» MATERIAL SUPPLIED:
(* Let $w \in \mathfrak{S}_n$ and let $i \in \textsf{supp}(w)$ be unconfined in the reduced words of $w$. Then for every $u \preceq w$ in the Bruhat order, either $i \notin \textsf{supp}(u)$, or $i$ is unconfined in the reduced words of $u$.
   Context: $\sigma_i$ ($1\le i\le n-1$) is the simple transposition swapping $i$ and $i+1$; products are compositions of maps. A reduced word of $w$ is a word $i_1\cdots i_\ell$ of minimal length with $w=\sigma_{i_1}\cdots\sigma_{i_\ell}$. $\textsf{supp}(w)$ is the set of letters appearing in (any) reduced word of $w$. Bruhat order: $u \preceq w$ iff some reduced word of $u$ is a subword of some reduced word of $w$. Given a reduced word $s$ in which the letter $i$ appears exactly once, $i$ is unconfined in $s$ if that occurrence is not between two occurrences of $i+1$ and not between two occurrences of $i-1$ in $s$. If $i$ is unconfined in one reduced word of $w$, it appears exactly once and is unconfined in every reduced word of $w$; this is what ''unconfined in the reduced words of $w$'' means. *)

From mathcomp Require Import all_boot all_fingroup.
Set Implicit Arguments. Unset Strict Implicit. Unset Printing Implicit Defensive.

(* Letters are natural numbers 1 <= i <= n-1; positions of S_n are 'I_n,
   with value k (0-based) standing for k+1.  sigma n i swaps i and i+1,
   i.e. the ordinals of value i-1 and i. *)
Definition valid_letter (n i : nat) : bool := (0 < i) && (i < n).

Definition sigma (n i : nat) : {perm 'I_n} :=
  match n as m return {perm 'I_m} with
  | 0 => 1%g
  | m.+1 => if valid_letter m.+1 i then tperm (inord i.-1) (inord i) else 1%g
  end.

Definition valid_word (n : nat) (s : seq nat) : bool := all (valid_letter n) s.

(* Product of a word as composition of maps:
   wordperm [:: i1; ...; il] = sigma i1 \o ... \o sigma il.
   (mathcomp's (p * q) x = q (p x), hence the order below.) *)
Fixpoint wordperm (n : nat) (s : seq nat) : {perm 'I_n} :=
  match s with
  | [::] => 1%g
  | i :: t => (wordperm n t * sigma n i)%g
  end.

Definition reduced_word (n : nat) (w : {perm 'I_n}) (s : seq nat) : Prop :=
  [/\ valid_word n s, wordperm n s = w &
      forall t, valid_word n t -> wordperm n t = w -> size s <= size t].

Definition in_supp (n : nat) (w : {perm 'I_n}) (i : nat) : Prop :=
  exists s, reduced_word w s /\ i \in s.

Definition bruhat_le (n : nat) (u w : {perm 'I_n}) : Prop :=
  exists s t, [/\ reduced_word u s, reduced_word w t & subseq s t].

Definition between (s : seq nat) (p x : nat) : bool :=
  (x \in take p s) && (x \in drop p.+1 s).

Definition unconfined (s : seq nat) (i : nat) : bool :=
  [&& count_mem i s == 1,
      ~~ between s (index i s) i.+1 &
      ~~ between s (index i s) i.-1].

Definition unconfined_in (n : nat) (w : {perm 'I_n}) (i : nat) : Prop :=
  forall s, reduced_word w s -> unconfined s i.

From mathcomp Require Import all_boot all_fingroup zify.

(* Everything is read off the rank function rk f p v = #{q < p | f q < v} of a
   permutation.  Reduced words are ascending (a descent would lower the number
   of inversions), and an ascent at letter j only changes row j of rk, lowering
   it by at most one.  Hence along a reduced word every rank decreases, and a
   rank that ends at its bound min(p, v) stayed at that bound throughout.
   From this, i lies in the support of u iff rk u i i < i, and i is unconfined
   in a reduced word of u iff rk u i i = i - 1 and, for each neighbour i +- 1,
   one of the two ranks rk u i (i +- 1), rk u (i +- 1) i is at its bound
   ([unconfined_ranks]).  This condition depends on u only, so it passes from
   one reduced word to all of them.  Finally, a subword of a reduced word of w
   that keeps the single occurrence of i keeps it unconfined; a subword that
   drops i is a reduced word of u without i, so i is not in the support of u. *)

Set Implicit Arguments. Unset Strict Implicit. Unset Printing Implicit Defensive.
Arguments sigma : simpl never.

Lemma split_first (T : eqType) (x : T) (s : seq T) :
  x \in s -> exists a b, s = a ++ x :: b /\ x \notin a.
Proof.
elim: s => // y s IH; rewrite inE; case: (eqVneq x y) => [<- _ | ne /= /IH[a [b [-> xa]]]].
  by exists [::], s.
by exists (y :: a), b; rewrite inE negb_or ne.
Qed.

Lemma subseq_cat_cons (T : eqType) (s a b : seq T) x :
  subseq s (a ++ x :: b) -> x \in s -> x \notin a -> x \notin b ->
  exists s1 s2, [/\ s = s1 ++ x :: s2, {subset s1 <= a} & {subset s2 <= b}].
Proof.
case/subseqP => mk size_mk -> xs xa xb.
move: xs; rewrite -(cat_take_drop (size a) mk) mask_cat; last first.
  by rewrite size_take size_mk size_cat /= addnS ltnS leq_addr.
case E: (drop (size a) mk) => [|[] m2].
- by move: (congr1 size E); rewrite size_drop size_mk size_cat /=; lia.
- move=> _; exists (mask (take (size a) mk) a), (mask m2 b).
  by split => // y /mem_mask.
- rewrite /= mem_cat; case/orP => /mem_mask; by [rewrite (negbTE xa) | rewrite (negbTE xb)].
Qed.

Lemma mem_unconfined s i : unconfined s i -> i \in s.
Proof. by case/and3P => /eqP c _ _; rewrite -has_pred1 has_count c. Qed.

Lemma unconfined_cat a b i : i \notin a ->
  unconfined (a ++ i :: b) i =
  [&& i \notin b, ~~ ((i.+1 \in a) && (i.+1 \in b)) & ~~ ((i.-1 \in a) && (i.-1 \in b))].
Proof.
move=> ia; rewrite /unconfined /between index_cat (negbTE ia) /= eqxx addn0.
rewrite take_size_cat // drop_cat ltnNge leqnSn /= subSnn /= drop0.
rewrite count_cat /= eqxx (count_memPn ia) add0n add1n eqSS.
by congr (_ && _); rewrite -[i \notin b]/(~~ _) -has_pred1 has_count lt0n negbK.
Qed.

Lemma unconfined_subseq s t i : subseq s t -> unconfined t i -> i \in s -> unconfined s i.
Proof.
move=> st unc_t is_.
have [t1 [t2 [Et it1]]] := split_first (mem_unconfined unc_t).
move: unc_t st; rewrite Et unconfined_cat // => /and3P[it2 nB nA] st.
have [s1 [s2 [-> sub1 sub2]]] := subseq_cat_cons st is_ it1 it2.
rewrite unconfined_cat; last by apply: contra it1; apply: sub1.
apply/and3P; split.
- by apply: contra it2; apply: sub2.
- by apply: contra nB => /andP[/sub1 -> /sub2 ->].
- by apply: contra nA => /andP[/sub1 -> /sub2 ->].
Qed.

» TASK GOAL: Transcribe the entire listing above.

» SOLUTION TO THIS PROBLEM:
(* Let $w \in \mathfrak{S}_n$ and let $i \in \textsf{supp}(w)$ be unconfined in the reduced words of $w$. Then for every $u \preceq w$ in the Bruhat order, either $i \notin \textsf{supp}(u)$, or $i$ is unconfined in the reduced words of $u$.
   Context: $\sigma_i$ ($1\le i\le n-1$) is the simple transposition swapping $i$ and $i+1$; products are compositions of maps. A reduced word of $w$ is a word $i_1\cdots i_\ell$ of minimal length with $w=\sigma_{i_1}\cdots\sigma_{i_\ell}$. $\textsf{supp}(w)$ is the set of letters appearing in (any) reduced word of $w$. Bruhat order: $u \preceq w$ iff some reduced word of $u$ is a subword of some reduced word of $w$. Given a reduced word $s$ in which the letter $i$ appears exactly once, $i$ is unconfined in $s$ if that occurrence is not between two occurrences of $i+1$ and not between two occurrences of $i-1$ in $s$. If $i$ is unconfined in one reduced word of $w$, it appears exactly once and is unconfined in every reduced word of $w$; this is what ''unconfined in the reduced words of $w$'' means. *)

From mathcomp Require Import all_boot all_fingroup.
Set Implicit Arguments. Unset Strict Implicit. Unset Printing Implicit Defensive.

(* Letters are natural numbers 1 <= i <= n-1; positions of S_n are 'I_n,
   with value k (0-based) standing for k+1.  sigma n i swaps i and i+1,
   i.e. the ordinals of value i-1 and i. *)
Definition valid_letter (n i : nat) : bool := (0 < i) && (i < n).

Definition sigma (n i : nat) : {perm 'I_n} :=
  match n as m return {perm 'I_m} with
  | 0 => 1%g
  | m.+1 => if valid_letter m.+1 i then tperm (inord i.-1) (inord i) else 1%g
  end.

Definition valid_word (n : nat) (s : seq nat) : bool := all (valid_letter n) s.

(* Product of a word as composition of maps:
   wordperm [:: i1; ...; il] = sigma i1 \o ... \o sigma il.
   (mathcomp's (p * q) x = q (p x), hence the order below.) *)
Fixpoint wordperm (n : nat) (s : seq nat) : {perm 'I_n} :=
  match s with
  | [::] => 1%g
  | i :: t => (wordperm n t * sigma n i)%g
  end.

Definition reduced_word (n : nat) (w : {perm 'I_n}) (s : seq nat) : Prop :=
  [/\ valid_word n s, wordperm n s = w &
      forall t, valid_word n t -> wordperm n t = w -> size s <= size t].

Definition in_supp (n : nat) (w : {perm 'I_n}) (i : nat) : Prop :=
  exists s, reduced_word w s /\ i \in s.

Definition bruhat_le (n : nat) (u w : {perm 'I_n}) : Prop :=
  exists s t, [/\ reduced_word u s, reduced_word w t & subseq s t].

Definition between (s : seq nat) (p x : nat) : bool :=
  (x \in take p s) && (x \in drop p.+1 s).

Definition unconfined (s : seq nat) (i : nat) : bool :=
  [&& count_mem i s == 1,
      ~~ between s (index i s) i.+1 &
      ~~ between s (index i s) i.-1].

Definition unconfined_in (n : nat) (w : {perm 'I_n}) (i : nat) : Prop :=
  forall s, reduced_word w s -> unconfined s i.

From mathcomp Require Import all_boot all_fingroup zify.

(* Everything is read off the rank function rk f p v = #{q < p | f q < v} of a
   permutation.  Reduced words are ascending (a descent would lower the number
   of inversions), and an ascent at letter j only changes row j of rk, lowering
   it by at most one.  Hence along a reduced word every rank decreases, and a
   rank that ends at its bound min(p, v) stayed at that bound throughout.
   From this, i lies in the support of u iff rk u i i < i, and i is unconfined
   in a reduced word of u iff rk u i i = i - 1 and, for each neighbour i +- 1,
   one of the two ranks rk u i (i +- 1), rk u (i +- 1) i is at its bound
   ([unconfined_ranks]).  This condition depends on u only, so it passes from
   one reduced word to all of them.  Finally, a subword of a reduced word of w
   that keeps the single occurrence of i keeps it unconfined; a subword that
   drops i is a reduced word of u without i, so i is not in the support of u. *)

Set Implicit Arguments. Unset Strict Implicit. Unset Printing Implicit Defensive.
Arguments sigma : simpl never.

Lemma split_first (T : eqType) (x : T) (s : seq T) :
  x \in s -> exists a b, s = a ++ x :: b /\ x \notin a.
Proof.
elim: s => // y s IH; rewrite inE; case: (eqVneq x y) => [<- _ | ne /= /IH[a [b [-> xa]]]].
  by exists [::], s.
by exists (y :: a), b; rewrite inE negb_or ne.
Qed.

Lemma subseq_cat_cons (T : eqType) (s a b : seq T) x :
  subseq s (a ++ x :: b) -> x \in s -> x \notin a -> x \notin b ->
  exists s1 s2, [/\ s = s1 ++ x :: s2, {subset s1 <= a} & {subset s2 <= b}].
Proof.
case/subseqP => mk size_mk -> xs xa xb.
move: xs; rewrite -(cat_take_drop (size a) mk) mask_cat; last first.
  by rewrite size_take size_mk size_cat /= addnS ltnS leq_addr.
case E: (drop (size a) mk) => [|[] m2].
- by move: (congr1 size E); rewrite size_drop size_mk size_cat /=; lia.
- move=> _; exists (mask (take (size a) mk) a), (mask m2 b).
  by split => // y /mem_mask.
- rewrite /= mem_cat; case/orP => /mem_mask; by [rewrite (negbTE xa) | rewrite (negbTE xb)].
Qed.

Lemma mem_unconfined s i : unconfined s i -> i \in s.
Proof. by case/and3P => /eqP c _ _; rewrite -has_pred1 has_count c. Qed.

Lemma unconfined_cat a b i : i \notin a ->
  unconfined (a ++ i :: b) i =
  [&& i \notin b, ~~ ((i.+1 \in a) && (i.+1 \in b)) & ~~ ((i.-1 \in a) && (i.-1 \in b))].
Proof.
move=> ia; rewrite /unconfined /between index_cat (negbTE ia) /= eqxx addn0.
rewrite take_size_cat // drop_cat ltnNge leqnSn /= subSnn /= drop0.
rewrite count_cat /= eqxx (count_memPn ia) add0n add1n eqSS.
by congr (_ && _); rewrite -[i \notin b]/(~~ _) -has_pred1 has_count lt0n negbK.
Qed.

Lemma unconfined_subseq s t i : subseq s t -> unconfined t i -> i \in s -> unconfined s i.
Proof.
move=> st unc_t is_.
have [t1 [t2 [Et it1]]] := split_first (mem_unconfined unc_t).
move: unc_t st; rewrite Et unconfined_cat // => /and3P[it2 nB nA] st.
have [s1 [s2 [-> sub1 sub2]]] := subseq_cat_cons st is_ it1 it2.
rewrite unconfined_cat; last by apply: contra it1; apply: sub1.
apply/and3P; split.
- by apply: contra it2; apply: sub2.
- by apply: contra nB => /andP[/sub1 -> /sub2 ->].
- by apply: contra nA => /andP[/sub1 -> /sub2 ->].
Qed.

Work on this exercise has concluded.